▸ Assignment: Lines from the beginning of the data below through the one containing "have gu_gt0 : 0" are to be printed exactly as they appear.

▸ Data provided:
◆ ◆ ◆ ◆ ◆ ◆ ◆

Theorem theorem3p4 (R : realType)
  (V H : completeNormedModType R)
  (ipV : V -> V -> R) (ipH : H -> H -> R)
  (hipV : is_inner_product ipV) (hipH : is_inner_product ipH)
  (gam : V -> H) (gam_lin : linear gam) (gam_cont : continuous gam)
  (gam_comp : compact_operator gam)
  (lam1 : R)
  (lam1_eig : is_eigenvalue ipV ipH gam lam1)
  (lam1_min : forall lam, is_eigenvalue ipV ipH gam lam -> lam1 <= lam)
  (Cg : R) (hCg : is_smallest_bound gam Cg)
  (ustar : V) (lamstar : R) (w : V)
  (hw : forall v : V, ipV w v = ipV ustar v - lamstar * ipH (gam ustar) (gam v))
  (hsep : forall lam, is_eigenvalue ipV ipH gam lam ->
     `|(lam1 - lamstar) / lam1| <= `|(lam - lamstar) / lam|)
  (A B : R) (hA : 0 <= A) (hB : 0 <= B)
  (hBl : B < lamstar * `|gam ustar|)
  (hwAB : `|w| <= A + Cg * B) :
  let alpha := A / `|gam ustar| in
  let beta := B / `|gam ustar| in
  let X2 := (- alpha + Num.sqrt (alpha ^+ 2 + 4 * (lamstar - beta))) / 2 in
  X2 ^+ 2 <= lam1 /\ Cg <= 1 / X2.
Proof.
case: hCg => gam_bound Cg_min.
have lam1_gt0 := eigenvalue_gt0 hipV hipH lam1_eig.
have CgE := smallest_bound_first_eigenvalue hipV hipH gam_lin gam_comp gam_bound
  lam1_eig lam1_min Cg_min.
have gu_gt0 : 0 < `|gam ustar|.
  by rewrite lt0r normr_ge0 andbT; apply: contraTneq hBl => ->; rewrite mulr0 -leNgt.
have lamstar_gt0 : 0 < lamstar by rewrite -(pmulr_lgt0 _ gu_gt0) (le_lt_trans hB).
have [K hK] := gram_operator_exists hipV hipH gam_lin gam_comp gam_bound.
have res := residual_norm_bound hipV hipH gam_lin gam_comp gam_bound hK lam1_gt0
  lam1_min hsep (lt0r_neq0 lamstar_gt0) hw.
exact: enclosure_of_residual lam1_gt0 CgE hA hB gu_gt0 (normr_ge0 w) hBl hwAB res.
Qed.
Lemma gauss_step_ge_1 z m : 0 < z -> (1 <= m)%nat -> 1 <= gauss_step z m.
Proof.
  intros Hz Hm; unfold gauss_step; destruct (ln_succ_bounds m Hm) as [H1 _].
  assert (HS : 0 < INR (S m)) by (apply lt_0_INR; lia).
  assert (E1 : exp (z / INR (S m)) <= exp (z * (ln (INR (S m)) - ln (INR m))))
    by (apply exp_le_exp; unfold Rdiv; apply Rmult_le_compat_l; lra).
  assert (E2 := exp_ineq1_le (z / INR (S m))).
  replace (1 + z / INR (S m)) with ((z + INR (S m)) / INR (S m)) in E2 by (field; lra).
  assert (0 < INR (S m) / (z + INR (S m))) by (apply Rdiv_lt_0_compat; lra).
  apply Rle_trans with ((z + INR (S m)) / INR (S m) * (INR (S m) / (z + INR (S m)))).
  - right; field; lra.
  - apply Rmult_le_compat_r; lra.
Qed.

(* with c = z (z + 1), the sequence [gauss_seq z m * exp (c / m)] is nonincreasing *)
Lemma gauss_step_le z m : 0 < z -> (1 <= m)%nat ->
  gauss_step z m <= exp (z * (z + 1) / INR m - z * (z + 1) / INR (S m)).
Proof.
  intros Hz Hm; unfold gauss_step; destruct (ln_succ_bounds m Hm) as [_ H2].
  assert (HS : 0 < INR (S m)) by (apply lt_0_INR; lia).
  assert (Hm0 : 0 < INR m) by (apply lt_0_INR; lia).
  assert (HSm := S_INR m).
  assert (E1 : exp (z * (ln (INR (S m)) - ln (INR m))) <= exp (z / INR m))
    by (apply exp_le_exp; unfold Rdiv; apply Rmult_le_compat_l; lra).
  assert (E2 : INR (S m) / (z + INR (S m)) <= exp (- (z / (z + INR (S m))))).
  { assert (Hq : 0 < INR (S m) / (z + INR (S m))) by (apply Rdiv_lt_0_compat; lra).
    generalize (ln_le_sub_1 _ Hq).
    replace (INR (S m) / (z + INR (S m)) - 1) with (- (z / (z + INR (S m)))) by (field; lra).
    rewrite <- (exp_ln _ Hq) at 2; apply exp_le_exp. }
  apply Rle_trans with (exp (z / INR m) * exp (- (z / (z + INR (S m))))).
  - apply Rmult_le_compat; auto; [left; apply exp_pos | left; apply Rdiv_lt_0_compat; lra].
  - rewrite <- exp_plus; apply exp_le_exp.
    replace (z / INR m + - (z / (z + INR (S m)))) with
      (z * (z + 1) * / (INR m * (z + INR m + 1))) by (rewrite HSm; field; lra).
    replace (z * (z + 1) / INR m - z * (z + 1) / INR (S m)) with
      (z * (z + 1) * / (INR m * (INR m + 1))) by (rewrite HSm; field; lra).
    apply Rmult_le_compat_l; [nra|].
    apply Rinv_le_contravar; nra.
Qed.
(* Let $r\ge3$ and $Y,Z\subseteq\{1,\dots,r-1\}$ with $0\le|Y|<|Z|<r$. For a finite $\Lambda$ write $\sigma_i(\pm\Lambda)$ where $\sigma_i$ is the map defined by $C_\Lambda$ and $\pm\Lambda=\Lambda\cup-\Lambda$, and let $(i\ i{+}1)$ denote the transposition acting on subsets of $\{1,\dots,r-1\}$. Then: for $i=1,\dots,r-2$: $\sigma_i(\pm\Phi_{r,Z})=\pm\Phi_{r,(i\,i+1)(Z)}$, $\sigma_i(\pm\Psi_{r,Y})=\pm\Psi_{r,(i\,i+1)(Y)}$, $\sigma_i(\pm\Psi'_{r,Y})=\pm\Psi'_{r,(i\,i+1)(Y)}$; if $r-1\notin Z$: $\sigma_{r-1}(\pm\Phi_{r,Z})=\sigma_r(\pm\Phi_{r,Z})=\pm\Phi_{r,Z}$; if $r-1\in Z$: $\sigma_{r-1}(\pm\Phi_{r,Z})=\pm\Psi_{r,Z\setminus\{r-1\}}$ and $\sigma_r(\pm\Phi_{r,Z})=\pm\Psi'_{r,Z\setminus\{r-1\}}$; if $r-1\notin Y$: $\sigma_{r-1}(\pm\Psi_{r,Y})=\pm\Phi_{r,Y\cup\{r-1\}}$, $\sigma_r(\pm\Psi_{r,Y})=\pm\Psi_{r,Y}$, $\sigma_r(\pm\Psi'_{r,Y})=\pm\Phi_{r,Y\cup\{r-1\}}$, $\sigma_{r-1}(\pm\Psi'_{r,Y})=\pm\Psi'_{r,Y}$; if $r-1\in Y$: $\sigma_{r-1}(\pm\Psi_{r,Y})=\sigma_r(\pm\Psi_{r,Y})=\pm\Psi_{r,Y}$ and $\sigma_{r-1}(\pm\Psi'_{r,Y})=\sigma_r(\pm\Psi'_{r,Y})=\pm\Psi'_{r,Y}$.
   Context: In $\mathbb{Z}^r$ with standard basis $\alpha_1,\dots,\alpha_r$ let $\eta_{i,j}=\sum_{k=i}^j\alpha_k$ for $i\le j$, $\eta_{i,j}=0$ for $i>j$. $\Phi_{r,Z}$ ($Z\subseteq\{1,\dots,r-1\}$) consists of $\eta_{i,j-1}$ ($1\le i<j\le r$), $\eta_{i,r-2}+\alpha_r$ ($1\le i<r$), $\eta_{i,r}+\eta_{j,r-2}$ ($1\le i<j<r$), $\eta_{j,r}+\eta_{j,r-2}$ ($j\in Z$). $\Psi_{r,Y}$ consists of $\eta_{i,j}$ ($1\le i\le j\le r$), $\eta_{i,r}+\eta_{j,r-1}$ ($1\le i<j<r$), $\eta_{j,r}+\eta_{j,r-1}$ ($j\in Y$). $\Psi'_{r,Y}$ is obtained from $\Psi_{r,Y}$ by exchanging the coordinates of $\alpha_{r-1}$ and $\alpha_r$. For finite $\Lambda\subseteq\mathbb{Z}^r$, $C_\Lambda=(c_{ij})$ with $c_{ii}=2$, $c_{ij}=-\max\{k\ge0:k\alpha_i+\alpha_j\in\Lambda\}$ ($i\ne j$), and $\sigma_i:\mathbb{Z}^r\to\mathbb{Z}^r$, $\sigma_i(\alpha_j)=\alpha_j-c_{ij}\alpha_i$. *)

From HB Require Import structures.
From mathcomp Require Import all_boot all_order all_algebra.
Set Implicit Arguments. Unset Strict Implicit. Unset Printing Implicit Defensive.
Import Order.TTheory GRing.Theory Num.Theory.
Local Open Scope ring_scope.
(** Let U be the set of w ∈ S such that, for every z ∈ T, the conductors
    (R :_R w) and (R :_R z) are comaximal in R: locally on Spec R, w or z lies
    in R.  A partition of unity shows that XY ∩ T = X and XY ∩ U = Y for
    X ∈ [R,T] and Y ∈ [R,U].  By FCP, T is generated over R by finitely many
    ys; if (T :_R x) + (R :_R ys) were proper for some x ∈ S, a prime above it
    would lie both in Supp(S/T) and in Supp(T/R).  Hence 1 = u + m with
    u x ∈ T and m^K T ⊆ R for large K, and x = a u x + m^K x is the sum of an
    element of C ∩ T and one of C ∩ U whenever x ∈ C ∈ [R,S].  So
    C ↦ (C ∩ T, C ∩ U) identifies [R,S] with [R,T] × [R,U]; the atoms of a
    product of lattices are the atoms of one factor paired with the bottom of
    the other, so socles and then Loewy series split as products, and U is the
    only complement of T. *)

From mathcomp Require Import all_boot all_algebra.
From mathcomp Require Import boolp classical_sets ring.
From Stdlib Require List.
Set Implicit Arguments. Unset Printing Implicit Defensive.
Import GRing.Theory.
Local Open Scope ring_scope.
Local Open Scope classical_set_scope.

Section LoewySplitting.
Context {S : comNzRingType}.
Implicit Types A B C D E X Y R T U : S -> Prop.
Local Notation full := (@fullS S).

Lemma subS_anti A B : subS A B -> subS B A -> A = B.
Proof. by move=> AB BA; apply/seteqP; split. Qed.

Section SubringClosure.
Variable A : S -> Prop.
Hypothesis sA : is_subring A.
(* Let $-1\le t\le s\le n$ and $-1\le k\le n-s-1$ be integers. Let $X$ be an $n$-dimensional projective space over a field and let $K$ be a $k$-dimensional subspace of $X$. For each integer $d$ with $-1\le d\le \min\{k,t\}$, let $\mathcal B_d$ be an $(s-d-1,t-d-1)$-blocking set in the quotient space $X/K$. Then the (disjoint) union $$\mathcal B:=\bigcup_{d=-1}^{\min\{k,t\}}\{T\in \mathrm{Gr}_t(X):\ \dim(K\cap T)=d,\ \langle K,T\rangle\in\mathcal B_d\}$$ is an $(s,t)$-blocking set in $X$.
   Context: Projective dimension is used throughout; the empty subspace has dimension $-1$. For a projective space $Y$ and an integer $d$, $\mathrm{Gr}_d(Y)$ is the set of $d$-dimensional subspaces of $Y$. For $K\in\mathrm{Gr}_k(X)$, the quotient space $X/K$ is the projective space of dimension $\dim X-k-1$ whose $r$-dimensional subspaces ($-1\le r\le \dim X-k-1$) are the $(r+k+1)$-dimensional subspaces of $X$ containing $K$, ordered by inclusion (its unique $(-1)$-dimensional subspace is $K$ itself). $\langle K,T\rangle$ denotes the span of $K$ and $T$, regarded as a subspace of $X/K$. For integers $-1\le t\le s\le \dim Y$, an $(s,t)$-blocking set in a projective space $Y$ is a set $\mathcal B\subseteq\mathrm{Gr}_t(Y)$ such that every $s$-dimensional subspace of $Y$ contains at least one element of $\mathcal B$. *)

(* A projective space of dimension n over a field F is modelled
   as the lattice of (detachable) vector subspaces of a finite-dimensional
   F-vector space vT with \dim {:vT} = n+1; projective dimension = vector dim - 1. *)
From HB Require Import structures.
From mathcomp Require Import all_boot all_order all_algebra.
Set Implicit Arguments. Unset Strict Implicit. Unset Printing Implicit Defensive.
Import Order.TTheory GRing.Theory Num.Theory.
Local Open Scope ring_scope.

Section Proj.
Variables (F : fieldType) (vT : vectType F).

Definition pdim (U : {vspace vT}) : int := (\dim U)%:Z - 1.

Definition Gr (Y : {vspace vT}) (d : int) (U : {vspace vT}) : Prop :=
  (U <= Y)%VS /\ pdim U = d.

(* Gr_r(X/K): r-dimensional subspaces of the quotient X/K, i.e. the
   (r + k + 1)-dimensional subspaces of X containing K, where k = pdim K *)
Definition qGr (K : {vspace vT}) (r : int) (U : {vspace vT}) : Prop :=
  (K <= U)%VS /\ pdim U = r + pdim K + 1.

Definition blocking_set (Y : {vspace vT}) (s t : int)
    (B : {vspace vT} -> Prop) : Prop :=
  (forall T, B T -> Gr Y t T) /\
  (forall S, Gr Y s S -> exists T, B T /\ (T <= S)%VS).

(* (s,t)-blocking set in the quotient space X/K (X = the whole space);
   inclusion in X/K is inclusion in X *)
Definition qblocking_set (K : {vspace vT}) (s t : int)
    (B : {vspace vT} -> Prop) : Prop :=
  (forall T, B T -> qGr K t T) /\
  (forall S, qGr K s S -> exists T, B T /\ (T <= S)%VS).

End Proj.

(** Let S be an s-space and d := dim (K ∩ S).  If d <= t, then K + S is an
    (s-d-1)-space of X/K, so B_d contains some U with K <= U <= K + S; by the
    modular law T := U ∩ S is a t-space with K ∩ T = K ∩ S and K + T = U.
    If d > t, take any t-space T inside K ∩ S; then K + T = K, which lies in
    B_t because the only (-1)-space of X/K is K itself. *)
From HB Require Import structures.
From mathcomp Require Import all_boot all_order all_algebra zify.
Import Order.TTheory GRing.Theory Num.Theory.
Local Open Scope ring_scope.

Section ProjectiveSubspaces.
Variables (F : fieldType) (vT : vectType F).
Implicit Types (U V W K S T : {vspace vT}) (Bd : {vspace vT} -> Prop).

Lemma dimv_add_line U v : v \notin U -> \dim (U + <[v]>) = (\dim U).+1.
Proof.
move=> vU; have := dimv_sum_cap U <[v]>; rewrite dim_vline.
have /leqifP := dimv_leqif_sup (addvSl U <[v]>).
have v_neq0 : v != 0%R by apply: contraNneq vU => ->; rewrite mem0v.
by rewrite subv_add subvv -memvE (negbTE vU) v_neq0 /=; lia.
Qed.

Lemma exists_subv_dim U V m : (U <= V)%VS -> (\dim U <= m <= \dim V)%N ->
  exists2 W, (U <= W <= V)%VS & \dim W = m.
Proof.
move=> UV; elim: m => [|m IHm] /andP[Um mV].
  by exists U; rewrite ?subvv ?UV //; lia.
have [<-|dimU_neq] := eqVneq (\dim U) m.+1; first by exists U; rewrite ?subvv ?UV.
have [W /andP[UW WV] dimW] := IHm ltac:(lia).
have /subvPn[v vV vW] : ~~ (V <= W)%VS.
  by apply: contraTN mV => /dimvS; lia.
exists (W + <[v]>)%VS; last by rewrite dimv_add_line ?dimW.
by rewrite (subv_trans UW (addvSl _ _)) subv_add WV -memvE.
Qed.

Lemma exists_subv_pdim U V (d : int) : (U <= V)%VS -> pdim U <= d <= pdim V ->
  exists2 W, (U <= W <= V)%VS & pdim W = d.
Proof.
rewrite /pdim => UV /andP[Ud dV].
have [W UWV dimW] := exists_subv_dim U V (absz (d + 1)) UV ltac:(lia).
by exists W; rewrite // /pdim dimW; lia.
Qed.

Lemma pdim_addv U V : pdim (U + V) = pdim U + pdim V - pdim (U :&: V).
Proof. by have := dimv_sum_cap U V; rewrite /pdim; lia. Qed.

(* The diamond isomorphism between the intervals [K, K + S] and [K ∩ S, S]. *)
Lemma diamond_capv K U S : (K <= U <= K + S)%VS ->
  [/\ (K + U :&: S = U)%VS, (K :&: (U :&: S) = K :&: S)%VS
    & (\dim (U :&: S) + \dim K = \dim U + \dim (K :&: S))%N].
Proof.
case/andP=> KU UKS.
have KUS : (K :&: (U :&: S) = K :&: S)%VS by rewrite capvA (capv_idPl KU).
have US : (U + S = K + S)%VS.
  by apply/subv_anti/andP; rewrite !subv_add UKS !addvSr (subv_trans KU (addvSl U S)).
have dimUS := dimv_sum_cap U S; rewrite US in dimUS.
have dimKS := dimv_sum_cap K S; have dimKUS := dimv_sum_cap K (U :&: S).
rewrite KUS in dimKUS; split=> //; last by lia.
apply/eqP; rewrite eqEdim subv_add KU capvSl /=; lia.
Qed.

Lemma qblocking_set_join K S t Bd :
  qblocking_set K (pdim S - pdim (K :&: S) - 1) (t - pdim (K :&: S) - 1) Bd ->
  exists2 T, (T <= S)%VS & [/\ pdim T = t, pdim (K :&: T) = pdim (K :&: S)
                              & Bd (K + T)%VS].
Proof.
case=> BqGr Bblock.
have [|U [BU UKS]] := Bblock (K + S)%VS.
  by split; [exact: addvSl | rewrite pdim_addv; lia].
have [KU dimU] := BqGr U BU.
have [KUS_U KUS dimUS] := diamond_capv K U S ltac:(by rewrite KU).
exists (U :&: S)%VS; first exact: capvSr.
split; last by rewrite KUS_U.
- by move: dimU; rewrite /pdim; lia.
- by rewrite KUS.
Qed.

Lemma qblocking_setN1 K r Bd : qblocking_set K r (-1) Bd ->
  -1 <= r -> r + pdim K + 1 <= pdim (fullv : {vspace vT}) -> Bd K.
Proof.
case=> BqGr Bblock r_ge r_le.
have [W /andP[KW _] dimW] := exists_subv_pdim K fullv (r + pdim K + 1) (subvf K)
  ltac:(apply/andP; split=> //; lia).
have [U [BU _]] := Bblock W (conj KW dimW).
have [KU dimU] := BqGr U BU.
suff <- : U = K by [].
by apply/eqP; rewrite eq_sym eqEdim KU; move: dimU; rewrite /pdim; lia.
Qed.

End ProjectiveSubspaces.

Theorem theorem3p8 (F : fieldType) (vT : vectType F) (n t s k : int)
    (hn : pdim (fullv : {vspace vT}) = n)
    (ht1 : -1 <= t) (hts : t <= s) (hsn : s <= n)
    (hk1 : -1 <= k) (hkn : k <= n - s - 1)
    (K : {vspace vT}) (hK : pdim K = k)
    (B : int -> {vspace vT} -> Prop)
    (hB : forall d : int, -1 <= d -> d <= k -> d <= t ->
          qblocking_set K (s - d - 1) (t - d - 1) (B d)) :
  blocking_set fullv s t
    (fun T : {vspace vT} => exists d : int,
       [/\ -1 <= d, d <= k, d <= t,
           Gr fullv t T /\ pdim (K :&: T)%VS = d & B d (K + T)%VS]).
Proof.
split=> [T [d [_ _ _ [] //]] | S [_ dimS]].
have d_ge : -1 <= pdim (K :&: S) by rewrite /pdim; lia.
have d_le : pdim (K :&: S) <= k by rewrite -hK /pdim; have := dimvS (capvSl K S); lia.
have [d_le_t | t_lt_d] := lerP (pdim (K :&: S)) t.
  have := hB _ d_ge d_le d_le_t; rewrite -dimS.
  case/qblocking_set_join=> T TS [dimT dimKT BKT].
  exists T; split=> //; exists (pdim (K :&: S)).
  by split=> //; split; first exact: (conj (subvf T) dimT).
have [T /andP[_ TKS] dimT] :=
  @exists_subv_pdim F vT 0%VS (K :&: S)%VS t (sub0v _)
    ltac:(by rewrite /pdim dimv0 (ltW t_lt_d) andbT; lia).
have TK : (T <= K)%VS := subv_trans TKS (capvSl K S).
have BtK : B t K.
  have := hB t ht1 ltac:(lia) (lexx t); rewrite subrr sub0r.
  by move/qblocking_setN1; apply; lia.
exists T; split; last exact: subv_trans TKS (capvSr K S).
exists t; rewrite (capv_idPr TK) (addv_idPl TK) dimT; split=> //; first lia.
by split=> //; exact: (conj (subvf T) dimT).
Qed.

◆ ◆ ◆ ◆ ◆ ◆ ◆

▸ Solved problem:
Theorem theorem3p4 (R : realType)
  (V H : completeNormedModType R)
  (ipV : V -> V -> R) (ipH : H -> H -> R)
  (hipV : is_inner_product ipV) (hipH : is_inner_product ipH)
  (gam : V -> H) (gam_lin : linear gam) (gam_cont : continuous gam)
  (gam_comp : compact_operator gam)
  (lam1 : R)
  (lam1_eig : is_eigenvalue ipV ipH gam lam1)
  (lam1_min : forall lam, is_eigenvalue ipV ipH gam lam -> lam1 <= lam)
  (Cg : R) (hCg : is_smallest_bound gam Cg)
  (ustar : V) (lamstar : R) (w : V)
  (hw : forall v : V, ipV w v = ipV ustar v - lamstar * ipH (gam ustar) (gam v))
  (hsep : forall lam, is_eigenvalue ipV ipH gam lam ->
     `|(lam1 - lamstar) / lam1| <= `|(lam - lamstar) / lam|)
  (A B : R) (hA : 0 <= A) (hB : 0 <= B)
  (hBl : B < lamstar * `|gam ustar|)
  (hwAB : `|w| <= A + Cg * B) :
  let alpha := A / `|gam ustar| in
  let beta := B / `|gam ustar| in
  let X2 := (- alpha + Num.sqrt (alpha ^+ 2 + 4 * (lamstar - beta))) / 2 in
  X2 ^+ 2 <= lam1 /\ Cg <= 1 / X2.
Proof.
case: hCg => gam_bound Cg_min.
have lam1_gt0 := eigenvalue_gt0 hipV hipH lam1_eig.
have CgE := smallest_bound_first_eigenvalue hipV hipH gam_lin gam_comp gam_bound
  lam1_eig lam1_min Cg_min.
have gu_gt0 : 0 < `|gam ustar|.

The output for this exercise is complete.